Clara Bow’s fifty-third movie was Her Wedding Night, produced between July 24 and August 15, 1930, and released on September 18, 1930. Clara played Norma Martin in a racy comedy about a young woman with a hyperactive love life.
Once again, Clara was playing a version of herself, and the fan magazines were not impressed. Suddenly, they’d discovered morality and were not happy with Clara’s personal life.
Photoplay climbed into the pulpit with this editorial: “She disregards all laws of convention and hopes to get away with it. She has no regard whatsoever for public opinion. Clara, we are afraid you are on a toboggan!”
Despite the bad press, Her Wedding Night was a great success. Despite the scandals, Clara Bow was still Hollywood’s #1 draw.
A Hollywood Murder
At 7:30 am on Thursday, 2 February 1922, Henry Peavey walked through the affluent neighbourhood of Westlake, Los Angeles towards a bungalow in the Alvarado Court Apartments. His destination was 404-B South Alvarado Street, the home of his master and employer, movie director William Desmond Taylor. Peavey opened the door and screamed – at some point during the previous twelve hours someone had shot Taylor; the movie director was dead.

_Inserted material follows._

(* In the setting described in the context, with all standing assumptions in force, for every $i\in\{1,\dots,N\}$: $$\lim_{t\to\infty}\Big\|\mathbf y_{(i,:)}^t-\frac1N\sum_{j=1}^N\nabla f_j(\mathbf x_{(j,:)}^t)\Big\|=0\qquad\text{and}\qquad \sum_{t=0}^\infty\gamma^t\Big\|\mathbf y_{(i,:)}^t-\frac1N\sum_{j=1}^N\nabla f_j(\mathbf x_{(j,:)}^t)\Big\|<\infty .$$
   Context: Problem. Let $N,B,d\ge1$. A vector $\mathbf x\in\mathbb R^{dB}$ is partitioned into blocks $\mathbf x=(\mathbf x_1,\dots,\mathbf x_B)$ with $\mathbf x_\ell\in\mathbb R^d$, and $\nabla_\ell$ denotes the partial gradient with respect to block $\ell$. Problem (P) is $$\min_{\mathbf x}\ U(\mathbf x)=\sum_{i=1}^Nf_i(\mathbf x)+\sum_{\ell=1}^B r_\ell(\mathbf x_\ell)\quad\text{s.t. }\mathbf x_\ell\in\mathcal K_\ell,\ \ell=1,\dots,B,$$ with $\mathcal K=\mathcal K_1\times\dots\times\mathcal K_B$. Problem assumptions: - each $\mathcal K_\ell\subseteq\mathbb R^d$ is nonempty, closed and convex; - each $f_i:\mathbb R^{dB}\to\mathbb R$ is $C^1$ on an open set containing $\mathcal K$, and $\nabla f_i$ is $L_i$-Lipschitz continuous and bounded on $\mathcal K$; - each $r_\ell:\mathbb R^d\to\mathbb R$ is convex with bounded subgradients on $\mathcal K_\ell$; - $U$ is coercive on $\mathcal K$. Network. $\mathcal G=(\{1,\dots,N\},\mathcal E)$ is a fixed, strongly connected digraph containing all self-loops. The in-neighbor set of $i$ is $\mathcal N_i=\{j:(j,i)\in\mathcal E\}$. Block selection. At each iteration $t\ge0$, agent $i$ picks $\ell_i^t\in\{1,\dots,B\}$. For each $i$ there is a finite $T_i>0$ with $\bigcup_{\tau=0}^{T_i-1}\{\ell_i^{t+\tau}\}=\{1,\dots,B\}$ for all $t\ge0$. Define $\mathcal N_{i,\ell}^t=\{j\in\mathcal N_i:\ell_j^t=\ell\}\cup\{i\}$ and $\mathcal E_\ell^t=\{(j,i)\in\mathcal E:j\in\mathcal N_{i,\ell}^t\}$. Weights. For each $\ell$ and $t$, $A_\ell^t=[a_{ij\ell}^t]$ satisfies $a_{ij\ell}^t>\kappa$ if $(j,i)\in\mathcal E_\ell^t$, $a_{ij\ell}^t=0$ otherwise (for a fixed $\kappa>0$), and $\mathbf 1^\top A_\ell^t=\mathbf 1^\top$. Surrogates. For each $i,\ell$, $\tilde f_{i,\ell}:\mathcal K_\ell\times\mathcal K\to\mathbb R$ satisfies: - $\tilde f_{i,\ell}(\cdot;\mathbf x)$ is $C^1$ and $\tau_i$-strongly convex on $\mathcal K_\ell$ uniformly in $\mathbf x\in\mathcal K$, with $\tau_i>0$; - $\nabla\tilde f_{i,\ell}(\mathbf x_\ell;\mathbf x)=\nabla_\ell f_i(\mathbf x)$ for all $\mathbf x\in\mathcal K$, where $\nabla\tilde f_{i,\ell}$ is the gradient in the first argument and $\mathbf x_\ell$ is the $\ell$-th block of $\mathbf x$; - $\nabla\tilde f_{i,\ell}(\mathbf z;\cdot)$ is Lipschitz continuous on $\mathcal K$ uniformly in $\mathbf z\in\mathcal K_\ell$. For $\mathbf w\in\mathcal K$ and $\mathbf g\in\mathbb R^d$ let $$\hat f_{i,\ell}(\mathbf z;\mathbf w,\mathbf g)=\tilde f_{i,\ell}(\mathbf z;\mathbf w)+(N\mathbf g-\nabla_\ell f_i(\mathbf w))^\top(\mathbf z-\mathbf w_\ell).$$ Step sizes. $0<\gamma^t\le1$, $\gamma^{t+1}\le\gamma^t$, $\sum_t\gamma^t=\infty$, $\sum_t(\gamma^t)^2<\infty$. Algorithm. Agent $i$ holds $\mathbf x_{(i,:)}^t=(\mathbf x_{(i,\ell)}^t)_\ell$, $\mathbf y_{(i,:)}^t=(\mathbf y_{(i,\ell)}^t)_\ell$ in $\mathbb R^{dB}$ and scalars $\phi_{(i,\ell)}^t$. Initialization: $\mathbf x_{(i,:)}^0\in\mathcal K$ arbitrary, $\mathbf y_{(i,:)}^0=\nabla f_i(\mathbf x_{(i,:)}^0)$, $\phi_{(i,\ell)}^0=1$. At iteration $t$, each agent $i$: - computes $\tilde{\mathbf x}_{(i,\ell_i^t)}^t=\arg\min_{\mathbf z\in\mathcal K_{\ell_i^t}}\hat f_{i,\ell_i^t}(\mathbf z;\mathbf x_{(i,:)}^t,\mathbf y_{(i,\ell_i^t)}^t)+r_{\ell_i^t}(\mathbf z)$; - sets $\Delta\mathbf x_{(i,\ell)}^t=\tilde{\mathbf x}_{(i,\ell)}^t-\mathbf x_{(i,\ell)}^t$ if $\ell=\ell_i^t$ and $\Delta\mathbf x_{(i,\ell)}^t=\mathbf 0$ otherwise; - for every $\ell$ updates $$\phi_{(i,\ell)}^{t+1}=\sum_{j\in\mathcal N_{i,\ell}^t}a_{ij\ell}^t\phi_{(j,\ell)}^t,\qquad \mathbf x_{(i,\ell)}^{t+1}=\sum_{j\in\mathcal N_{i,\ell}^t}\frac{a_{ij\ell}^t\phi_{(j,\ell)}^t}{\phi_{(i,\ell)}^{t+1}}\big(\mathbf x_{(j,\ell)}^t+\gamma^t\Delta\mathbf x_{(j,\ell)}^t\big),$$ $$\mathbf y_{(i,\ell)}^{t+1}=\sum_{j\in\mathcal N_{i,\ell}^t}\frac{a_{ij\ell}^t}{\phi_{(i,\ell)}^{t+1}}\Big(\phi_{(j,\ell)}^t\mathbf y_{(j,\ell)}^t+\nabla_\ell f_j(\mathbf x_{(j,:)}^{t+1})-\nabla_\ell f_j(\mathbf x_{(j,:)}^t)\Big).$$ *)

From Stdlib Require Import Reals.
Open Scope R_scope.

The murderer had shot Taylor with a .38 calibre pistol. The bullet had entered his body low on the left side, travelled through his lung before reaching his neck. The trajectory of the bullet suggested that the murderer had been either around five feet tall, stooped in a crouched position, laying on the floor, or holding the gun at an unusual angle.
Taylor’s valet, Henry Peavey (pictured below), had a penchant for wearing outlandish clothing and talking in an affected manner. Three days before the murder, Peavey was arrested for “social vagrancy” and charged with being “lewd and dissolute” while ingratiating himself to young men. In 1931, he died in a San Francisco asylum where he had been hospitalized for syphilis-related dementia. One is tempted to ask, why did Taylor employ such a dubious character as his most trusted servant? Hopefully, the answer to that question will present itself as this series of articles unfolds.
The police interviewed Henry Peavey, but never seriously considered him as a suspect. At that stage in Los Angeles a curfew was in place for people of colour, enforced at 8pm, and Peavey was on his way home before the murder was committed.
As the investigation unfolded, Peavey accused actress Mabel Normand of the murder, and I will consider the case against her next time.
*****
Columbo
Season One, Episode Three: “Dead Weight”. Eddie Albert starred as the murderer while Suzanne Pleshette (pictured) featured as an unreliable witness.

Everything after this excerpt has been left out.